はじめまして!先日死刑制度について考える(5)〜死刑制度維持にかかるコストのブログを拝見したんですが、現在大学の授業で死刑制度についてレポート作成をしているのですが、八田さんのブログの内容を参考にしたいので、八田さんがこの記事を書くにあたり使用した参考文献教えていただけませんか?

もも #- | URL | 2016/01/08 Fri. 11:37 * edit *

メッセージありがとうございます

#検察なう (526) 「大崎事件の真相に迫る (5) ~ 関係者供述の信用性」でしょうか。記事の最後に、書き忘れていた参考文献を追加しました。ご参照頂ければ幸いです。また何かありましたら、お問い合わせ下さい。

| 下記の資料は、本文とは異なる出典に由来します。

Definition complete (n : nat) (T : bbtree n) : Prop :=
  forall x : vec n,
    conv (fun y => Pn y /\ integral y) x <->
    conv (fun y => in_leaf_union T (@cube n) y /\ Pn y) x.

(* For every S the affine function
     g_S(x) = sum_{i in S} x_i + sum_{i notin S} (4 - x_i)
   takes integer values >= 1/2, hence >= 1, on P^n ∩ Z^n, so g_S >= 1 on
   conv(P^n ∩ Z^n); completeness forces g_S >= 1 at every point of P^n covered
   by a leaf.  Call a box anchored if each of its coordinate intervals is
   [0, b] or [a, 4].  An anchored box that is not a single point contains a
   point of P^n with g_S = 1/2 next to one of its vertices, so it is not a
   leaf.  By induction on the tree, an anchored box with f full coordinates
   (interval [0, 4]) needs at least 2^(f+1) - 1 leaves, and one more if some
   coordinate is partial (neither a point nor [0, 4]): cutting a full
   coordinate gives two anchored boxes with f - 1 full coordinates, at least
   one of them with a partial coordinate, while a proper cut of a partial
   coordinate leaves one anchored child with the same full coordinates. *)

From mathcomp Require Import all_boot all_order all_algebra.
From mathcomp Require Import Rstruct zify lra.
Set Implicit Arguments. Unset Strict Implicit. Unset Printing Implicit Defensive.
Import Order.TTheory GRing.Theory Num.Theory.
Local Open Scope ring_scope.

Local Notation R := Rdefinitions.R.

Lemma conv_self n (A : vec n -> Prop) (x : vec n) : A x -> conv A x.
Proof.
move=> Ax; exists 1%N, (fun _ => 1), (fun _ => x).
by split=> //; rewrite big_ord1 ?scale1r.
Qed.

Section VertexDistance.
Variable n : nat.
Implicit Types (S : {set 'I_n}) (x : vec n).

(* For [x] in the cube this is the l1 distance from [x] to the vertex that is
   0 on [S] and 4 off [S]. *)
Definition vertex_dist (S : {set 'I_n}) (x : vec n) : R :=
  \sum_j (if j \in S then x 0 j else 4 - x 0 j).

Definition far_from_vertices (x : vec n) : Prop :=
  forall S, 1 <= vertex_dist S x.

Lemma vertex_distE S x :
  \sum_(j in S) x 0 j + \sum_(j in ~: S) (4 - x 0 j) = vertex_dist S x.
Proof.
rewrite /vertex_dist [RHS](bigID (mem S)) /=.
congr (_ + _); first by apply: eq_bigr => j ->.
by apply: eq_big => [j | j]; rewrite ?inE // => /negbTE->.
Qed.

Lemma Pn_vertex_dist S x : Pn x -> 1 / 2 <= vertex_dist S x.
Proof. by case=> _ /(_ S); rewrite vertex_distE. Qed.

Lemma integral_vertex_dist S x : integral x -> vertex_dist S x \is a Num.int.
Proof.
move=> xZ; apply: rpred_sum => j _; have [z ->] := xZ j.
by case: (j \in S); rewrite ?rpredB ?intr_int ?natr_int.
Qed.

Lemma integral_Pn_far x : Pn x -> integral x -> far_from_vertices x.
Proof.
move=> Px xZ S; have := Pn_vertex_dist S Px.
have /intrP[m ->] := integral_vertex_dist S xZ.
have half_gt0 : (0 : R) < 1 / 2 by lra.
move=> /(lt_le_trans half_gt0); rewrite ltr0z => m_gt0.
by rewrite ler1z.
Qed.

Lemma vertex_dist_combination S k (w : 'I_k -> R) (p : 'I_k -> vec n) :
  \sum_j w j = 1 ->
  vertex_dist S (\sum_j w j *: p j) = \sum_j w j * vertex_dist S (p j).
Proof.
move=> w1; rewrite /vertex_dist.
under eq_bigr => i _ do rewrite summxE.
under [RHS]eq_bigr => j _ do rewrite mulr_sumr.
rewrite [RHS]exchange_big /=; apply: eq_bigr => i _.
case: (i \in S); first by apply: eq_bigr => j _; rewrite mxE.
rewrite -[4 in LHS]mulr1 -w1 mulr_sumr -sumrB.
by apply: eq_bigr => j _; rewrite mxE mulrBr mulrC.
Qed.

Lemma conv_far_from_vertices (A : vec n -> Prop) x :
  (forall y, A y -> far_from_vertices y) -> conv A x -> far_from_vertices x.
Proof.
move=> Afar [k [w [p [w_ge0 w1 Ap ->]]]] S.
rewrite vertex_dist_combination // -[1]w1.
by apply: ler_sum => j _; rewrite -[leLHS]mulr1 ler_wpM2l // Afar.
Qed.
(* For every $\vec\beta=(\beta_1,\beta_2,\beta_3)\in\mathbb R^3$ there exists a smooth, trace-free, divergence-free symmetric $(0,2)$-tensor $\sigma$ on $\mathbb R^3$ with compact support in $A_1=\{1<|x|<2\}$, satisfying $L\sigma=0$ and \[\int_{A_1}x^p\sum_{i,j,k}(\sigma_{ij,k})^2\,dx=\beta_p\quad(p=1,2,3).\]
   Context: Cartesian coordinates on $\mathbb R^3$ with Euclidean metric; commas denote partial derivatives; trace and divergence are Euclidean. $L\sigma=\sum_{i,j}(\sigma_{ij,ij}-\sigma_{ii,jj})$. *)

From Stdlib Require Import Reals.
From Coquelicot Require Import Coquelicot.
Open Scope R_scope.

(* Points of R^3; coordinates are indexed 0,1,2 (paper's 1,2,3). *)
Definition pt := (R * R * R)%type.

Definition coord (i : nat) (x : pt) : R :=
  match i with
  | 0%nat => fst (fst x)
  | 1%nat => snd (fst x)
  | _ => snd x
  end.

Definition upd (i : nat) (x : pt) (t : R) : pt :=
  match i with
  | 0%nat => (t, snd (fst x), snd x)
  | 1%nat => (fst (fst x), t, snd x)
  | _ => (fst (fst x), snd (fst x), t)
  end.

Definition enorm (x : pt) : R :=
  sqrt (coord 0 x ^ 2 + coord 1 x ^ 2 + coord 2 x ^ 2).

Definition partial (i : nat) (f : pt -> R) (x : pt) : R :=
  Derive (fun t => f (upd i x t)) (coord i x).

Fixpoint dpart (l : list nat) (f : pt -> R) : pt -> R :=
  match l with
  | nil => f
  | cons i l' => partial i (dpart l' f)
  end.
Definition AutS (N d : nat) (A : 'I_d.+1 -> 'M[int]_N) : {set {perm 'I_N}} :=
  [set s | [forall i, (perm_mx s)^T *m A i *m perm_mx s == A i]].

Definition transitive_on_points (N : nat) (G : {set {perm 'I_N}}) : Prop :=
  forall x y : 'I_N, exists2 g, g \in G & g x = y.

Definition orbital_mx (N : nat) (G : {set {perm 'I_N}}) (x y : 'I_N) : 'M[int]_N :=
  \matrix_(u, v) ((u, v) \in [set ((g : {perm 'I_N}) x, g y) | g in G])%:R.

Definition schurian (N d : nat) (A : 'I_d.+1 -> 'M[int]_N) : Prop :=
  exists G : {group {perm 'I_N}},
    [/\ transitive_on_points G,
        forall i, exists x y, A i = orbital_mx G x y &
        forall x y, exists i, orbital_mx G x y = A i].

Definition ent (m : nat) (A : 'M[int]_m) (i j : nat) : int :=
  match @insub _ (fun k => k < m)%N 'I_m i, @insub _ (fun k => k < m)%N 'I_m j with
  | Some i', Some j' => A i' j'
  | _, _ => 0
  end.

(* B_1 of size 2m+1 = 2n-1 (n = m+1), 0-based indices: block {0..m-1},
   the point m (the paper's n), block {m+1..2m}. *)
Definition B1 (m : nat) (A0 A1 A2 : 'M[int]_m) : 'M[int]_(2 * m + 1) :=
  \matrix_(i, j)
    if (i < m)%N then
      (if (j < m)%N then ent A1 i j
       else if j == m :> nat then 0 else ent (A0 + A1) i (j - m.+1))
    else if i == m :> nat then
      (if (j < m)%N then 1 else 0)
    else
      (if (j < m)%N then ent A1 (i - m.+1) j
       else if j == m :> nat then 1 else ent A2 (i - m.+1) (j - m.+1)).

From mathcomp Require Import all_boot all_order all_algebra all_fingroup.
From mathcomp Require Import zify ring.
Set Implicit Arguments. Unset Strict Implicit. Unset Printing Implicit Defensive.
Import GRing.Theory Num.Theory.
Local Open Scope ring_scope.

(* A non-symmetric class 2 scheme {I, A, A^T} is the same thing as a doubly
   regular tournament [A]: a 0/1 matrix with [A + A^T = J - I], all in- and
   out-degrees equal to [2l+1], and [A^2 = l A + (l+1) A^T].
   The matrix [B1] built from [A] is a doubly regular tournament with
   parameter [2l+1] ([doubling_drt]); this gives the scheme Y.  The central
   point [mid] is the only vertex of [B1] with a certain "twin" property
   ([twin_mid], [no_twin_lo], [no_twin_hi]), so every automorphism fixes it
   ([aut_fix_mid]): Aut(Y) is intransitive and Y is not schurian
   ([intransitive_not_schurian]).  Finally the automorphisms of Y are exactly
   the extensions of those of [A] acting alike on both blocks
   ([aut_B1_isog]). *)

Lemma sum_delta_l n (F : 'I_n -> int) i : \sum_z (i == z)%:R * F z = F i.
Proof.
rewrite (bigD1 i) //= eqxx mul1r big1 ?addr0 // => z.
by rewrite eq_sym => /negbTE ->; rewrite mul0r.
Qed.

Lemma sum_delta_r n (F : 'I_n -> int) i : \sum_z F z * (z == i)%:R = F i.
Proof. by rewrite -(sum_delta_l F i); apply: eq_bigr => z _; rewrite mulrC eq_sym. Qed.

Lemma sum_delta_row n (i : 'I_n) : \sum_z (i == z)%:R = 1 :> int.
Proof. by rewrite -[RHS](sum_delta_l (fun _ => 1) i); apply: eq_bigr => z _; rewrite mulr1. Qed.

Lemma sum_delta_col n (i : 'I_n) : \sum_z (z == i)%:R = 1 :> int.
Proof. by rewrite -(sum_delta_row i); apply: eq_bigr => z _; rewrite eq_sym. Qed.

Lemma sum_off_r n (F : 'I_n -> int) x : \sum_z F z * (z != x)%:R = \sum_z F z - F x.
Proof.
rewrite (bigD1 x) //= eqxx mulr0 add0r [X in _ = X - _](bigD1 x) //= addrC addrK.
by apply: eq_bigr => z /negbTE ->; rewrite mulr1.
Qed.

Lemma sum_off_l n (F : 'I_n -> int) x : \sum_z (z != x)%:R * F z = \sum_z F z - F x.
Proof. by rewrite -sum_off_r; apply: eq_bigr => z _; rewrite mulrC. Qed.

Lemma exists_nonzero_term n (F : 'I_n -> int) : \sum_z F z != 0 -> exists z, F z != 0.
Proof.
move=> h; apply/existsP; apply: contraR h => /existsPn H.
by rewrite big1 // => z _; have := H z; rewrite negbK => /eqP.
Qed.

Section Tournament.
Variables (N : nat) (A : 'M[int]_N).
Hypothesis A01 : forall i j, A i j = 0 \/ A i j = 1.
Hypothesis Askew : forall i j, A i j + A j i = (i != j)%:R.

Lemma tour_delta i j : (i == j)%:R + A i j + A j i = 1.
Proof. by rewrite -addrA Askew; case: (i == j). Qed.

Lemma tour_diag i : A i i = 0.
Proof. by have := Askew i i; rewrite eqxx /=; lia. Qed.

Lemma tour_opp i j : A j i = (i != j)%:R - A i j.
Proof. by rewrite -(Askew i j); ring. Qed.

Lemma tour_xor i j : A i j * A j i = 0.
Proof.
have := Askew i j; case: (A01 i j) => ->; case: (A01 j i) => -> //=.
by case: (i != j).
Qed.

Lemma tour_sqr i j : A i j * A i j = A i j.
Proof. by case: (A01 i j) => ->. Qed.

Lemma tour_arc_neq i j : A i j = 1 -> i != j.
Proof. by move=> h; apply/eqP => e; move: h; rewrite e tour_diag. Qed.

Lemma tour_rev i j : A i j = 1 -> A j i = 0.
Proof. by move=> h; have := tour_xor i j; rewrite h mul1r. Qed.

End Tournament.

Record doubly_regular N (A : 'M[int]_N) (l : int) : Prop := DoublyRegular {
  drt01 : forall i j, A i j = 0 \/ A i j = 1;
  drt_skew : forall i j, A i j + A j i = (i != j)%:R;
  drt_row : forall i, \sum_j A i j = 2 * l + 1;
  drt_col : forall j, \sum_i A i j = 2 * l + 1;
  drt_sq : forall i j, \sum_z A i z * A z j = l * A i j + (l + 1) * A j i }.

Section DoublyRegular.
Variables (N : nat) (A : 'M[int]_N) (l : int).
Hypothesis HA : doubly_regular A l.

Lemma drt_rows i j : \sum_z A i z * A j z = 2 * l + 1 - (l + 1) * (A i j + A j i).
Proof.
transitivity (\sum_z A i z * ((z != j)%:R - A z j)).
  by apply: eq_bigr => z _; rewrite (tour_opp (drt_skew HA) z j).
under eq_bigr do rewrite mulrBr.
by rewrite sumrB sum_off_r (drt_row HA) (drt_sq HA); ring.
Qed.

Lemma drt_cols i j : \sum_z A z i * A z j = 2 * l + 1 - (l + 1) * (A i j + A j i).
Proof.
transitivity (\sum_z ((z != i)%:R - A i z) * A z j).
  by apply: eq_bigr => z _; rewrite (tour_opp (drt_skew HA) i z) eq_sym.
under eq_bigr do rewrite mulrBl.
by rewrite sumrB sum_off_l (drt_col HA) (drt_sq HA); ring.
Qed.

Lemma drt_sq_swap i j : \sum_z A z i * A j z = l * A j i + (l + 1) * A i j.
Proof. by rewrite -(drt_sq HA); apply: eq_bigr => z _; rewrite mulrC. Qed.

Lemma drt_order (i : 'I_N) : (N%:R : int) = 4 * l + 3.
Proof.
have : \sum_j (A i j + A j i) = \sum_j (i != j)%:R.
  by apply: eq_bigr => j _; rewrite (drt_skew HA).
rewrite big_split /= (drt_row HA) (drt_col HA).
rewrite (eq_bigr (fun j => 1 * (j != i)%:R)) => [|j _]; last by rewrite mul1r eq_sym.
by rewrite sum_off_r sumr_const card_ord; lia.
Qed.

End DoublyRegular.

Section DoublyRegularPos.
Variables (N : nat) (A : 'M[int]_N) (l : int).
Hypothesis HA : doubly_regular A l.
Hypothesis Hl : 1 <= l.

Lemma drt_arc_one i j : A i j != 0 -> A i j = 1.
Proof. by case: (drt01 HA i j) => ->. Qed.

Lemma drt_arcs_one i j i' j' : A i j * A i' j' != 0 -> A i j = 1 /\ A i' j' = 1.
Proof. by case: (drt01 HA i j) => ->; case: (drt01 HA i' j') => ->. Qed.

Lemma drt_out x : exists y, A x y = 1.
Proof.
have [y /drt_arc_one] : exists y, A x y != 0.
  by apply: exists_nonzero_term; rewrite (drt_row HA); lia.
by exists y.
Qed.

(* The ends of an arc have [l >= 1] common out-neighbours. *)
Lemma drt_common x y : A x y = 1 -> exists z, A x z = 1 /\ A y z = 1.
Proof.
move=> xy; have [z /drt_arcs_one] : exists z, A x z * A y z != 0.
  apply: exists_nonzero_term; rewrite (drt_rows HA) xy.
  by rewrite (tour_rev (drt01 HA) (drt_skew HA) xy); lia.
by exists z.
Qed.
(** Polynomial orbit-finite sets: syntax built from the atoms and singletons
    by finite products and finite disjoint unions (including the empty one). *)
Inductive pof : Type :=
| PAtom : pof
| PUnit : pof
| PEmpty : pof
| PProd : pof -> pof -> pof
| PSum : pof -> pof -> pof.

Fixpoint den (X : pof) : Type :=
  match X with
  | PAtom => atom
  | PUnit => unit
  | PEmpty => Empty_set
  | PProd A B => (den A * den B)%type
  | PSum A B => (den A + den B)%type
  end.

Fixpoint act (pi : atom -> atom) (X : pof) : den X -> den X :=
  match X return den X -> den X with
  | PAtom => fun a => pi a
  | PUnit => fun u => u
  | PEmpty => fun e => e
  | PProd A B => fun p => (act pi A p.1, act pi B p.2)
  | PSum A B => fun s => match s with
                         | inl x => inl (act pi A x)
                         | inr y => inr (act pi B y)
                         end
  end.
Set Implicit Arguments.

Definition equivariant (X Y : pof) (h : den X -> den Y) : Prop :=
  forall pi : atom -> atom, bijective pi ->
    forall x, h (act pi X x) = act pi Y (h x).

Fixpoint atomfree (X : pof) : bool :=
  match X with
  | PAtom => false
  | PUnit | PEmpty => true
  | PProd A B | PSum A B => atomfree A && atomfree B
  end.

Fixpoint mealy_run (Q S G : Type) (delta : Q -> S -> Q * G) (q : Q) (w : seq S)
  : seq G :=
  match w with
  | [::] => [::]
  | x :: w' => (delta q x).2 :: mealy_run delta (delta q x).1 w'
  end.

(** Atom propagation  (A + {eps, down})^* -> (A + bot)^*.
    Encoding: inl a = atom a, inr (inl tt) = eps, inr (inr tt) = down;
    output inl a = atom a, inr tt = bot. *)
Definition prop_in := PSum PAtom (PSum PUnit PUnit).
Definition prop_out := PSum PAtom PUnit.

Definition not_eps (x : den prop_in) : bool :=
  match x with inr (inl _) => false | _ => true end.

(** Output at a position with letter x, given the reversed prefix rp
    (positions j < i, nearest first).  The nearest position j < i that is
    not labelled eps is the unique candidate: all positions strictly between
    are then eps; the output is its atom if it carries one. *)
Definition prop_letter (rp : seq (den prop_in)) (x : den prop_in) : den prop_out :=
  match x with
  | inr (inr _) =>
      match [seq y <- rp | not_eps y] with
      | inl a :: _ => inl a
      | _ => inr tt
      end
  | _ => inr tt
  end.

Fixpoint prop_aux (rp : seq (den prop_in)) (w : seq (den prop_in))
  : seq (den prop_out) :=
  match w with
  | [::] => [::]
  | x :: w' => prop_letter rp x :: prop_aux (x :: rp) w'
  end.

Definition atom_propagation (w : seq (den prop_in)) : seq (den prop_out) :=
  prop_aux [::] w.

Unset Implicit Arguments.
Inductive CompPrime : forall (X Y : pof), (seq (den X) -> seq (den Y)) -> Prop :=
| cp_hom : forall X Y (h : den X -> den Y),
    @equivariant X Y h -> CompPrime X Y (map h)
| cp_mealy : forall X Y (Q : finType) (q0 : Q) (delta : Q -> den X -> Q * den Y),
    atomfree X -> atomfree Y -> CompPrime X Y (@mealy_run Q (den X) (den Y) delta q0)
| cp_prop : CompPrime prop_in prop_out atom_propagation
| cp_seq : forall X Y Z f g,
    CompPrime X Y f -> CompPrime Y Z g -> CompPrime X Z (fun w => g (f w))
| cp_par : forall X1 Y1 X2 Y2 f1 f2,
    CompPrime X1 Y1 f1 -> CompPrime X2 Y2 f2 ->
    CompPrime (PProd X1 X2) (PProd Y1 Y2)
      (fun w => zip (f1 (unzip1 w)) (f2 (unzip2 w)))
| cp_ext : forall X Y (f g : seq (den X) -> seq (den Y)),
    CompPrime X Y f -> (forall w, f w = g w) -> CompPrime X Y g.
Set Implicit Arguments.

(** Combinators.  Words over Sigma u Delta (Delta disjoint) are words over
    the disjoint union Sigma + Delta; separators are the inr letters. *)
Definition getL (A B : Type) (x : A + B) : option A :=
  match x with inl a => Some a | inr _ => None end.
Definition getR (A B : Type) (x : A + B) : option B :=
  match x with inl _ => None | inr b => Some b end.

(** chunks (w0 a1 w1 ... an wn) = [:: w0 a1; w1 a2; ...; w(n-1) an; wn]. *)
Fixpoint chunks (A B : Type) (w : seq (A + B)) : seq (seq (A + B)) :=
  match w with
  | [::] => [:: [::]]
  | inl x :: w' => let c := chunks w' in (inl x :: head [::] c) :: behead c
  | inr y :: w' => [:: inr y] :: chunks w'
  end.

(** map_Delta f (w0 a1 w1 ... an wn) = f(w0) a1 f(w1) ... an f(wn). *)
Definition mapD (S G D : pof) (f : seq (den S) -> seq (den G))
  (w : seq (den (PSum S D))) : seq (den (PSum G D)) :=
  flatten [seq map inl (f (pmap (@getL _ _) c)) ++ map inr (pmap (@getR _ _) c)
          | c <- chunks w].

Fixpoint reinsert (S G D : Type) (w : seq (S + D)) (v : seq G) : seq (G + D) :=
  match w with
  | [::] => [::]
  | inl _ :: w' => match v with
                   | g :: v' => inl g :: reinsert w' v'
                   | [::] => [::]
                   end
  | inr a :: w' => inr a :: reinsert w' v
  end.

(** sub_Delta f applies f to w0 w1 ... wn and reinserts a1 ... an. *)
Definition subD (S G D : pof) (f : seq (den S) -> seq (den G))
  (w : seq (den (PSum S D))) : seq (den (PSum G D)) :=
  reinsert w (f (pmap (@getL _ _) w)).

(** map'_Delta f (w0 a1 ... an wn) = f(w0 a1) f(w1 a2) ... f(w(n-1) an) f(wn). *)
Definition mapD' (S G D : pof) (f : seq (den (PSum S D)) -> seq (den G))
  (w : seq (den (PSum S D))) : seq (den G) :=
  flatten [seq f c | c <- chunks w].

Arguments mapD {S G} D f w.
Arguments subD {S G} D f w.
Arguments mapD' {S G} D f w.
Arguments CompPrime X Y f.

From mathcomp Require Import all_boot.

Set Implicit Arguments.
Unset Strict Implicit.
Unset Printing Implicit Defensive.

(* The three combinators are obtained from a single, more general one.
   A marked word over X with separators K is a word over (X + K) x {unmarked,
   marked}; its blocks are the maximal factors ending at a marked letter (plus
   a final unmarked factor).  For f : X^* -> Y^*, bsub f applies f, in the
   manner of sub, to each block separately, keeping separators and marks.

   The heart of the proof is that bsub f is a composition of primes whenever
   f is, by induction on compositions of primes: homomorphisms lift
   letterwise, sequential and parallel composition commute with bsub, and a
   Mealy machine (classical, or atom propagation viewed as a machine whose
   state is the currently propagated atom) is simulated by a machine of the
   same kind that skips separators and restarts at every mark, run alongside
   the input.

   Then sub = bsub with no marks, map' = bsub with the separators marked and
   no separator letters, and map = map' o sub, since every chunk of the input
   is a Sigma-word followed by at most one separator. *)

Definition length_preserving (A C : Type) (f : seq A -> seq C) : Prop :=
  forall w, size (f w) = size w.

Lemma size_mealy_run (Q A C : Type) (d : Q -> A -> Q * C) q w :
  size (mealy_run d q w) = size w.
Proof. by elim: w q => //= x w IH q; rewrite IH. Qed.

(* Atom propagation is a Mealy machine whose state is the atom (if any) that
   a "down" letter would receive at the current position. *)
Definition prop_state (rp : seq (den prop_in)) : option atom :=
  if [seq y <- rp | not_eps y] is inl a :: _ then Some a else None.

Definition prop_step (o : option atom) (x : den prop_in) : option atom * den prop_out :=
  match x with
  | inl a => (Some a, inr tt)
  | inr (inl _) => (o, inr tt)
  | inr (inr _) => (None, if o is Some a then inl a else inr tt)
  end.

Lemma prop_aux_mealy rp w : prop_aux rp w = mealy_run prop_step (prop_state rp) w.
Proof.
elim: w rp => //= x w IH rp; rewrite IH.
case: x => [a|[[]|[]]] //=; rewrite /prop_state.
by case: [seq y <- rp | not_eps y] => [|[b|[[]|[]]] l].
Qed.

Lemma atom_propagation_mealy w : atom_propagation w = mealy_run prop_step None w.
Proof. exact: prop_aux_mealy. Qed.

Lemma CompPrime_length X Y f : CompPrime X Y f -> length_preserving f.
Proof.
elim=> {X Y f} [X Y h _|X Y Q q0 d _ _| |X Y Z f g _ Hf _ Hg
               |X1 Y1 X2 Y2 f1 f2 _ H1 _ H2|X Y f g _ Hf E] w.
- exact: size_map.
- exact: size_mealy_run.
- by rewrite atom_propagation_mealy size_mealy_run.
- by rewrite Hg Hf.
- by rewrite size_zip H1 H2 !size_map minnn.
- by rewrite -E Hf.
Qed.

Section Blocks.
Variables (T : Type) (cut : pred T).

Fixpoint blocks (w : seq T) : seq (seq T) :=
  match w with
  | [::] => [:: [::]]
  | x :: w' => if cut x then [:: x] :: blocks w'
               else let c := blocks w' in (x :: head [::] c) :: behead c
  end.

Lemma blocks_uncut u : all (predC cut) u -> blocks u = [:: u].
Proof. by elim: u => //= x u IH /andP[/negbTE -> /IH ->]. Qed.

Lemma blocks_cut u x v : all (predC cut) u -> cut x ->
  blocks (u ++ x :: v) = rcons u x :: blocks v.
Proof. by move=> + cx; elim: u => [|y u IH] /=; [rewrite cx|case/andP=> /negbTE -> /IH ->]. Qed.

Lemma flatten_blocks w : flatten (blocks w) = w.
Proof.
elim: w => //= x w; case: (cut x) => /= [->//|].
by case: (blocks w) => [|c cs] //= <-.
Qed.

Lemma cut_ind (P : seq T -> Prop) :
  (forall u, all (predC cut) u -> P u) ->
  (forall u x v, all (predC cut) u -> cut x -> P v -> P (u ++ x :: v)) ->
  forall w, P w.
Proof.
move=> Hu Hc w; suff /(_ [::] isT) : forall u, all (predC cut) u -> P (u ++ w) by [].
elim: w => [|x w IH] u cu; first by rewrite cats0; apply: Hu.
case cx: (cut x); first by apply: Hc => //; apply: (IH [::]).
by rewrite -cat_rcons; apply: IH; rewrite all_rcons /= cx.
Qed.

End Blocks.

Lemma all_predC_map (T T' : Type) (p : pred T) (p' : pred T') s s' :
  map p' s' = map p s -> all (predC p') s' = all (predC p) s.
Proof. by elim: s s' => [|x s IH] [|y s'] //= [-> /IH ->]. Qed.

Lemma blocks_map (T T' : Type) (cut : pred T) (cut' : pred T') (g : T -> T') :
  (forall x, cut' (g x) = cut x) ->
  forall w, blocks cut' (map g w) = map (map g) (blocks cut w).
Proof.
move=> Hg; elim=> //= x w ->; rewrite Hg; case: (cut x) => //.
by case: (blocks cut w).
Qed.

八田隆 #- | URL | 2016/01/08 Fri. 11:41 * edit *

返信ありがとうございます!
大変申し訳ないのですが先ほどの参考文献ではなく2015年の1月1日に書かれた『死刑制度について考える(5)〜死刑制度維持にかかるコスト』の参考文献を教えていただけませんか?

もも #- | URL | 2016/01/08 Fri. 12:05 * edit *

失礼しました

当該ブログの添付のリンク以外の情報として、ポイントになるのは「一般に公判1回300万円」という点と、「死刑囚の収監費用は、一般の収監費用の3~4倍」という点かと思います。前者は弁護士からの聞き取り、後者はネット検索で読んだものと記憶しています。どちらもざっくりしたものですが、自分の感覚として当たらずとも遠からずという印象です。数値化するのが難しいものですので、これ以上精緻な情報があるかどうかは申し訳ありませんが不明です。はっきりしたことを言えずにすみません。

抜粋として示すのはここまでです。